(Saved entries)
(* Let $N\ge 1$ senders each receive an equiprobable binary input $x_i\in\{0,1\}$, and let $\theta$ satisfy $2\tan^{-1}(2^{1/N}-1)\le\theta<\pi/2$. If each sender $S_i$ sends the qubit state $|\psi_{x_i}\rangle=\cos(\theta/2)|0\rangle+(-1)^{x_i}\sin(\theta/2)|1\rangle$, then there is a $2^N$-outcome measurement $\{M_{\vec z}\}$ on the receiver's $N$ qubits with $\langle\psi_{\vec x}|M_{\vec x}|\psi_{\vec x}\rangle=0$ for all $\vec x\in\{0,1\}^N$ (where $|\psi_{\vec x}\rangle=|\psi_{x_1}\rangle\otimes\cdots\otimes|\psi_{x_N}\rangle$), so that the quantum success metric is $\widetilde{\mathcal S}_Q=1$; each sender's pair of states has anti-distinguishability $A^Q=\tfrac12(1+\sin\theta)$; while any classical strategy achieving $\widetilde{\mathcal S}_C=1$ with a common anti-distinguishability bound $A$ for all senders requires $A^C=1$. Consequently $$\left(\frac{A^C}{A^Q}\right)^N=\left(\frac{2}{1+\sin\theta}\right)^N>1.$$
   Context: Setting: $N$ independent senders, one receiver with no input. For quantum communication, sender $S_i$ sends a state $\rho_{x_i}$ and the receiver measures a POVM $\{M_{z}\}$ on $\bigotimes_i\rho_{x_i}$, with $z$ ranging over input tuples $\vec x$. The success metric for anti-distinguishing distributed inputs is $\widetilde{\mathcal S}=1-\sum_{\vec x}q_{\vec x}\,p(z=\vec x|\vec x)$ with $q_{\vec x}=\prod_i q_{x_i}$ (here $q_{x_i}=1/2$). The anti-distinguishability of a set of states $\{\rho_{x}\}$ with prior $\{q_x\}$ is $1-\min_{\{M_z\}}\sum_z\min_x q_x\operatorname{Tr}(\rho_xM_z)$, the minimum over POVMs with as many outcomes as inputs. Classically, sender $S_i$ encodes $x_i$ into a message $m_i$ via $p_e(m_i|x_i)$ with anti-distinguishability $1-\sum_{m_i}\min_{x_i}q_{x_i}p_e(m_i|x_i)$, and the receiver decodes with $p_d(z|\vec m)$. $A^C$ is the minimal common value $A$ of the senders' anti-distinguishabilities for which a classical strategy achieves the target value of $\widetilde{\mathcal S}$ (here $1$); $A^Q$ is the common anti-distinguishability of each sender's quantum states in the quantum protocol achieving the same value. *)

From HB Require Import structures.
From mathcomp Require Import all_boot all_order all_algebra.
From mathcomp Require Import all_classical all_reals.
From mathcomp Require Import exp trigo.
From mathcomp Require Import complex.

Set Implicit Arguments.
Unset Strict Implicit.
Unset Printing Implicit Defensive.
Import Order.TTheory GRing.Theory Num.Theory.
Local Open Scope ring_scope.
Local Open Scope classical_set_scope.

Section Defs.
Variable R : realType.
Local Notation C := R[i].

Definition fmin (X : finType) (f : X -> R) : R := inf (range f).

Definition op (T : finType) := T -> T -> C.

Definition expect (T : finType) (v : T -> C) (A : op T) : C :=
  \sum_(i : T) \sum_(j : T) conjc (v i) * A i j * v j.

Definition psd (T : finType) (A : op T) : Prop :=
  (forall i j, A j i = conjc (A i j)) /\ (forall v : T -> C, 0 <= expect v A).

Definition povm (Z T : finType) (M : Z -> op T) : Prop :=
  (forall z, psd (M z)) /\
  (forall i j : T, \sum_(z : Z) M z i j = (i == j)%:R).

Definition proj (T : finType) (psi : T -> C) : op T := fun i j => psi i * conjc (psi j).
Definition trace_mul (T : finType) (A B : op T) : C :=
  \sum_(i : T) \sum_(j : T) A i j * B j i.

Definition anti_dist (X T : finType) (q : X -> R) (rho : X -> op T) : R :=
  1 - inf [set s : R | exists M : X -> op T, povm M /\
           s = \sum_(z : X) fmin (fun x => q x * complex.Re (trace_mul (rho x) (M z)))].

(* |psi_x> = cos(theta/2)|0> + (-1)^x sin(theta/2)|1>, basis |0>=false, |1>=true *)
Definition qubit_state (theta : R) (x : bool) : bool -> C :=
  fun b => if b then real_complex R ((-1) ^+ x * sin (theta / 2)) else real_complex R (cos (theta / 2)).

(* N-bit strings: inputs x = (x_1..x_N), outcomes z, and computational basis
   of the N-qubit space (C^2)^{\otimes N} *)
Definition bits (N : nat) := {ffun 'I_N -> bool}.

Definition tensor_state (N : nat) (theta : R) (x : bits N) : bits N -> C :=
  fun b => \prod_(i < N) qubit_state theta (x i) (b i).

Definition successQ (N : nat) (theta : R) (M : bits N -> op (bits N)) : R :=
  1 - \sum_(x : bits N) (2^-1) ^+ N * complex.Re (expect (tensor_state theta x) (M x)).

Definition A_Q (theta : R) : R :=
  anti_dist (fun _ : bool => 2^-1) (fun x => proj (qubit_state theta x)).

(* A classical strategy: sender i has a finite message alphabet Msg i,
   an encoder pe i : x_i -> distribution on Msg i, and the receiver a decoder
   pd : (m_1..m_N) -> distribution on outcomes z. *)
Definition stochastic (X Y : finType) (p : X -> Y -> R) : Prop :=
  (forall x y, 0 <= p x y) /\ (forall x, \sum_(y : Y) p x y = 1).

Definition classical_strategy (N : nat) (Msg : 'I_N -> finType)
  (pe : forall i : 'I_N, bool -> Msg i -> R)
  (pd : {dffun forall i : 'I_N, Msg i} -> bits N -> R) : Prop :=
  (forall i, stochastic (pe i)) /\ stochastic pd.

Definition probC (N : nat) (Msg : 'I_N -> finType)
  (pe : forall i : 'I_N, bool -> Msg i -> R)
  (pd : {dffun forall i : 'I_N, Msg i} -> bits N -> R) (z x : bits N) : R :=
  \sum_(m : {dffun forall i : 'I_N, Msg i}) (\prod_(i < N) pe i (x i) (m i)) * pd m z.

Definition successC (N : nat) (Msg : 'I_N -> finType)
  (pe : forall i : 'I_N, bool -> Msg i -> R)
  (pd : {dffun forall i : 'I_N, Msg i} -> bits N -> R) : R :=
  1 - \sum_(x : bits N) (2^-1) ^+ N * probC pe pd x x.

Definition anti_distC (Msg : finType) (pe : bool -> Msg -> R) : R :=
  1 - \sum_(m : Msg) fmin (fun x : bool => 2^-1 * pe x m).

Definition A_C (N : nat) : R :=
  inf [set A : R | exists (Msg : 'I_N -> finType)
         (pe : forall i : 'I_N, bool -> Msg i -> R)
         (pd : {dffun forall i : 'I_N, Msg i} -> bits N -> R),
         classical_strategy pe pd /\ successC pe pd = 1 /\
         forall i : 'I_N, anti_distC (pe i) = A].

End Defs.

(* Classically, a sender whose anti-distinguishability is below 1 has a message that
   both of its inputs produce with positive probability.  If every sender has one, the
   receiver outputs some z with positive probability on that message tuple, and z is
   then wrongly output on input z; so perfect anti-distinguishing forces A^C = 1.

   Quantumly, |psi_x> has amplitude (-1)^(x.j) c^(N-|j|) s^(|j|) on the basis vector
   |j>, where c = cos(theta/2) and s = sin(theta/2).  Measuring in the Hadamard basis
   twisted by unit phases zeta_j excludes every x at once as soon as
   sum_j zeta_j c^(N-|j|) s^(|j|) = 0.  Grouping j into the zero string, the nonzero
   strings of even weight and those of odd weight, the three group totals are c^N,
   ((c+s)^N + (c-s)^N)/2 - c^N and ((c+s)^N - (c-s)^N)/2; they satisfy the triangle
   inequalities exactly when 2 c^N <= (c+s)^N, i.e. tan(theta/2) >= 2^(1/N) - 1, and
   then phases closing the triangle exist.

   For a single qubit the Hadamard measurement attains (1 + sin theta)/2, which is
   optimal because positivity of each POVM element bounds its off-diagonal entries by
   its diagonal ones. *)

From Pilot Require Import Defs.
From HB Require Import structures.
From mathcomp Require Import all_boot all_order all_algebra.
From mathcomp Require Import all_classical all_reals.
From mathcomp Require Import exp trigo.
From mathcomp Require Import complex.
From mathcomp Require Import ring lra.
Import Order.TTheory GRing.Theory Num.Theory.
Local Open Scope ring_scope.
Set Implicit Arguments.
Unset Strict Implicit.

Section RealFacts.
Local Open Scope classical_set_scope.
Variable R : realType.

Lemma lbound_mem_inf (S : set R) (x : R) : S x -> lbound S x -> inf S = x.
Proof.
move=> Sx lbx; apply/eqP; rewrite eq_le lb_le_inf ?andbT //; last by exists x.
by apply: ge_inf => //; exists x.
Qed.

Lemma fmin_bool (f : bool -> R) : fmin f = Num.min (f false) (f true).
Proof.
apply: lbound_mem_inf; first by case: leP => _; [exists false | exists true].
by move=> _ [[|] _ <-]; rewrite ge_min lexx ?orbT.
Qed.

Lemma sqrt_half_sqr : Num.sqrt 2^-1 ^+ 2 = 2^-1 :> R.
Proof. by rewrite sqr_sqrtr // invr_ge0. Qed.

Lemma root_ge1 (x : R) (n : nat) : 1 <= x -> 1 <= x `^ n%:R^-1.
Proof. by move=> x_ge1; rewrite -[X in X <= _](powRr0 x); apply: ler_powR; rewrite ?invr_ge0. Qed.

Lemma root_expr (x : R) (n : nat) : 0 <= x -> (0 < n)%N -> (x `^ n%:R^-1) ^+ n = x.
Proof.
move=> x_ge0 n_gt0.
by rewrite -powR_mulrn ?powR_ge0 // -powRrM mulVf ?powRr1 // pnatr_eq0 -lt0n.
Qed.

End RealFacts.

Section Trigonometry.
Variable R : realType.
Implicit Types (a x theta : R).

Lemma sin_double_half theta : sin theta = 2 * sin (theta / 2) * cos (theta / 2).
Proof. by rewrite {1}[theta]splitr -mulr2n sin_mulr2n; ring. Qed.

Lemma cos_double_half theta : cos theta = cos (theta / 2) ^+ 2 - sin (theta / 2) ^+ 2.
Proof. by rewrite {1}[theta]splitr -mulr2n cos_mulr2n cos2sin2; ring. Qed.

Lemma half_angle_bounds theta : 0 <= theta -> theta < pi / 2 ->
  [/\ 0 < cos (theta / 2), 0 <= sin (theta / 2) & sin (theta / 2) < cos (theta / 2)].
Proof.
move=> theta_ge0 theta_lt; have pi_gt0 := pi_gt0 R.
have c_gt0 : 0 < cos (theta / 2) by apply: cos_gt0_pihalf; apply/andP; split; lra.
have s_ge0 : 0 <= sin (theta / 2) by apply: sin_ge0_pi; apply/andP; split; lra.
split=> //; have : 0 < cos theta by apply: cos_gt0_pihalf; apply/andP; split; lra.
rewrite cos_double_half; nra.
Qed.

Lemma sin_acute_lt1 theta : 0 <= theta -> theta < pi / 2 -> sin theta < 1.
Proof.
move=> theta_ge0 theta_lt; have [c_gt0 s_ge0 s_lt_c] := half_angle_bounds theta_ge0 theta_lt.
by rewrite sin_double_half; have := cos2Dsin2 (theta / 2); nra.
Qed.

Lemma le_tan_atan a x : atan a <= x -> x < pi / 2 -> a <= tan x.
Proof.
move=> atan_le x_lt; rewrite -[a]atanK leNgt; apply/negP.
have x_itv : x \in `](- (pi / 2)), (pi / 2)[.
  by rewrite in_itv /= x_lt andbT (lt_le_trans (atan_gtNpi2 a)).
have atan_itv : atan a \in `](- (pi / 2)), (pi / 2)[.
  by rewrite in_itv /= atan_gtNpi2 atan_ltpi2.
by rewrite ltr_tan // ltNge atan_le.
Qed.

Lemma threshold_ge0 (N : nat) : 0 <= 2 * atan (2 `^ N%:R^-1 - 1) :> R.
Proof.
rewrite mulr_ge0 // -atan0; apply: le_atan.
by rewrite subr_ge0 root_ge1 // ler1n.
Qed.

Work instructions:
All that belongs in your answer is the stretch of entries above from the line with "Section Defs." through the line with "Definition qubit_state (theta", printed exactly.

Exercise solution:
Section Defs.
Variable R : realType.
Local Notation C := R[i].

Definition fmin (X : finType) (f : X -> R) : R := inf (range f).

Definition op (T : finType) := T -> T -> C.

Definition expect (T : finType) (v : T -> C) (A : op T) : C :=
  \sum_(i : T) \sum_(j : T) conjc (v i) * A i j * v j.

Definition psd (T : finType) (A : op T) : Prop :=
  (forall i j, A j i = conjc (A i j)) /\ (forall v : T -> C, 0 <= expect v A).

Definition povm (Z T : finType) (M : Z -> op T) : Prop :=
  (forall z, psd (M z)) /\
  (forall i j : T, \sum_(z : Z) M z i j = (i == j)%:R).

Definition proj (T : finType) (psi : T -> C) : op T := fun i j => psi i * conjc (psi j).
Definition trace_mul (T : finType) (A B : op T) : C :=
  \sum_(i : T) \sum_(j : T) A i j * B j i.

Definition anti_dist (X T : finType) (q : X -> R) (rho : X -> op T) : R :=
  1 - inf [set s : R | exists M : X -> op T, povm M /\
           s = \sum_(z : X) fmin (fun x => q x * complex.Re (trace_mul (rho x) (M z)))].

(* |psi_x> = cos(theta/2)|0> + (-1)^x sin(theta/2)|1>, basis |0>=false, |1>=true *)
Definition qubit_state (theta : R) (x : bool) : bool -> C :=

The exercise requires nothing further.